TASK OBJECTIVE » Everything in the data below is left aside except the lines from the one containing "Proof. by rewrite -(scale0r" through the one containing "by rewrite -expr2 sqr_ge0."; repeat those exactly.

SUPPLIED INFORMATION »

%%

Definition vnorm (R : rcfType) (d : nat) (u : 'cV[rat]_d) : R :=
  Num.sqrt (ratr (qdot u u)).

Definition gs_step (d : nat) (acc : seq 'cV[rat]_d) (b : 'cV[rat]_d) :=
  rcons acc (b - \sum_(u <- acc) (qdot b u / qdot u u) *: u).

Definition gs_seq (d : nat) (bs : seq 'cV[rat]_d) : seq 'cV[rat]_d :=
  foldl (@gs_step d) [::] bs.

Definition gso (d n : nat) (B : 'M[rat]_(d, n)) (i : 'I_n) : 'cV[rat]_d :=
  nth 0 (gs_seq [seq col j B | j <- enum 'I_n]) i.

Definition lattice_of (d m : nat) (B : 'M[rat]_(d, m)) (v : 'cV[rat]_d) : Prop :=
  exists z : 'cV[int]_m, v = B *m map_mx (fun x : int => x%:~R) z.

Definition lattice_det (R : rcfType) (d l : nat) (C : 'M[rat]_(d, l)) : R :=
  Num.sqrt (ratr (\det (C^T *m C))).

Arguments vnorm R {d} u.
Arguments lattice_det R {d l} C.

From mathcomp Require Import all_boot all_order all_algebra.
From mathcomp Require Import zify ring.
Set Implicit Arguments. Unset Strict Implicit. Unset Printing Implicit Defensive.
Import Order.TTheory GRing.Theory Num.Theory.
Local Open Scope ring_scope.

(* Write B = Q U, where the columns of Q are the Gram-Schmidt vectors, so that
   Q^T Q = D := diag(|b~_i|^2), and U is upper unitriangular. If the columns of
   the basis C of L' have integer coordinates Z in B, then
   det(L')^2 = det((U Z)^T D (U Z)). This is invariant under unimodular column
   operations on Z, which clear the last nonzero row j of Z but for one entry
   g <> 0; a Schur complement step then gives
   det(L')^2 >= D_j g^2 * (Gram determinant of the other columns) and, by
   induction, det(L')^2 >= prod_(i in S) |b~_i|^2 for an l-set S whose largest
   element is the last nonzero row of Z. If L' is not contained in
   L(b_1, ..., b_k), then S contains some j >= k; exchanging j for an i < k
   outside S divides the product by at least alpha, contradicting the bound on
   det(L'). *)

Section InnerProduct.
Variable d : nat.
Implicit Types u v w : 'cV[rat]_d.

Lemma qdotE u v : qdot u v = \sum_r u r 0 * v r 0.
Proof. by rewrite /qdot mxE; apply: eq_bigr => r _; rewrite mxE. Qed.

Lemma qdotC u v : qdot u v = qdot v u.
Proof. by rewrite !qdotE; apply: eq_bigr => r _; rewrite mulrC. Qed.

Lemma qdotDl u v w : qdot (u + v) w = qdot u w + qdot v w.
Proof. by rewrite !qdotE -big_split; apply: eq_bigr => r _; rewrite !mxE mulrDl. Qed.

Lemma qdotZl a u w : qdot (a *: u) w = a * qdot u w.
Proof. by rewrite !qdotE mulr_sumr; apply: eq_bigr => r _; rewrite !mxE mulrA. Qed.

Lemma qdotNl u w : qdot (- u) w = - qdot u w.
Proof. by rewrite -scaleN1r qdotZl mulN1r. Qed.

Lemma qdotBl u v w : qdot (u - v) w = qdot u w - qdot v w.
Proof. by rewrite qdotDl qdotNl. Qed.

Lemma qdot0l w : qdot 0 w = 0.
Proof. by rewrite -(scale0r 0) qdotZl mul0r. Qed.

Lemma qdot_suml (I : Type) (s : seq I) (F : I -> 'cV[rat]_d) w :
  qdot (\sum_(i <- s) F i) w = \sum_(i <- s) qdot (F i) w.
Proof. by elim: s => [|x s IH]; rewrite ?big_nil ?qdot0l // !big_cons qdotDl IH. Qed.

Lemma qdot_ge0 u : 0 <= qdot u u.
Proof. by rewrite qdotE; apply: sumr_ge0 => r _; rewrite -expr2 sqr_ge0. Qed.

Lemma qdot_eq0 u : (qdot u u == 0) = (u == 0).
Proof.
apply/eqP/eqP => [|->]; last exact: qdot0l.
rewrite qdotE => /eqP; rewrite psumr_eq0 => [/allP u0|r _]; last first.
  by rewrite -expr2 sqr_ge0.
apply/matrixP => r c; rewrite (ord1 c) mxE.
by have := u0 r (mem_index_enum _); rewrite mulf_eq0 orbb => /eqP.
Qed.

End InnerProduct.

Section GramSchmidt.
Variable d : nat.
Implicit Types (bs acc : seq 'cV[rat]_d) (b : 'cV[rat]_d).

Definition gs_residual acc b := b - \sum_(u <- acc) (qdot b u / qdot u u) *: u.

Lemma gs_seq_rcons bs b : gs_seq (rcons bs b) = rcons (gs_seq bs) (gs_residual (gs_seq bs) b).
Proof. by rewrite /gs_seq foldl_rcons. Qed.

Lemma size_gs_seq bs : size (gs_seq bs) = size bs.
Proof. by elim/last_ind: bs => [|bs b IH] //; rewrite gs_seq_rcons !size_rcons IH. Qed.

Lemma qdot_gs_residual acc b s : (s < size acc)%N ->
  (forall i j, (i < size acc)%N -> (j < size acc)%N -> i != j -> qdot acc`_i acc`_j = 0) ->
  qdot (gs_residual acc b) acc`_s = 0.
Proof.
move=> ls orth; rewrite /gs_residual qdotBl qdot_suml (big_nth 0) big_mkord.
rewrite (bigD1 (Ordinal ls)) //= big1 ?addr0; last first.
  by move=> i /= ne; rewrite qdotZl (orth _ _ (ltn_ord i) ls ne) mulr0.
rewrite qdotZl; have [/eqP|nz] := eqVneq (qdot acc`_s acc`_s) 0.
  by rewrite qdot_eq0 => /eqP->; rewrite qdotC !qdot0l mulr0 subrr.
by rewrite divfK // subrr.
Qed.

Lemma gs_seq_orth bs i j : (i < size bs)%N -> (j < size bs)%N -> i != j ->
  qdot (gs_seq bs)`_i (gs_seq bs)`_j = 0.
Proof.
elim/last_ind: bs i j => [|bs b IH] i j //.
rewrite gs_seq_rcons size_rcons !nth_rcons size_gs_seq ltnS leq_eqVlt.
case/orP=> [/eqP-> | li]; rewrite ltnS leq_eqVlt; case/orP=> [/eqP-> | lj];
  rewrite ?eqxx ?ltnn //.
- by rewrite lj => _; apply: qdot_gs_residual; rewrite ?size_gs_seq.
- by rewrite li qdotC => _; apply: qdot_gs_residual; rewrite ?size_gs_seq.
- by rewrite li lj; apply: IH.
Qed.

%%

PROBLEM SOLUTION »
Proof. by rewrite -(scale0r 0) qdotZl mul0r. Qed.

Lemma qdot_suml (I : Type) (s : seq I) (F : I -> 'cV[rat]_d) w :
  qdot (\sum_(i <- s) F i) w = \sum_(i <- s) qdot (F i) w.
Proof. by elim: s => [|x s IH]; rewrite ?big_nil ?qdot0l // !big_cons qdotDl IH. Qed.

Lemma qdot_ge0 u : 0 <= qdot u u.
Proof. by rewrite qdotE; apply: sumr_ge0 => r _; rewrite -expr2 sqr_ge0. Qed.

Lemma qdot_eq0 u : (qdot u u == 0) = (u == 0).
Proof.
apply/eqP/eqP => [|->]; last exact: qdot0l.
rewrite qdotE => /eqP; rewrite psumr_eq0 => [/allP u0|r _]; last first.
  by rewrite -expr2 sqr_ge0.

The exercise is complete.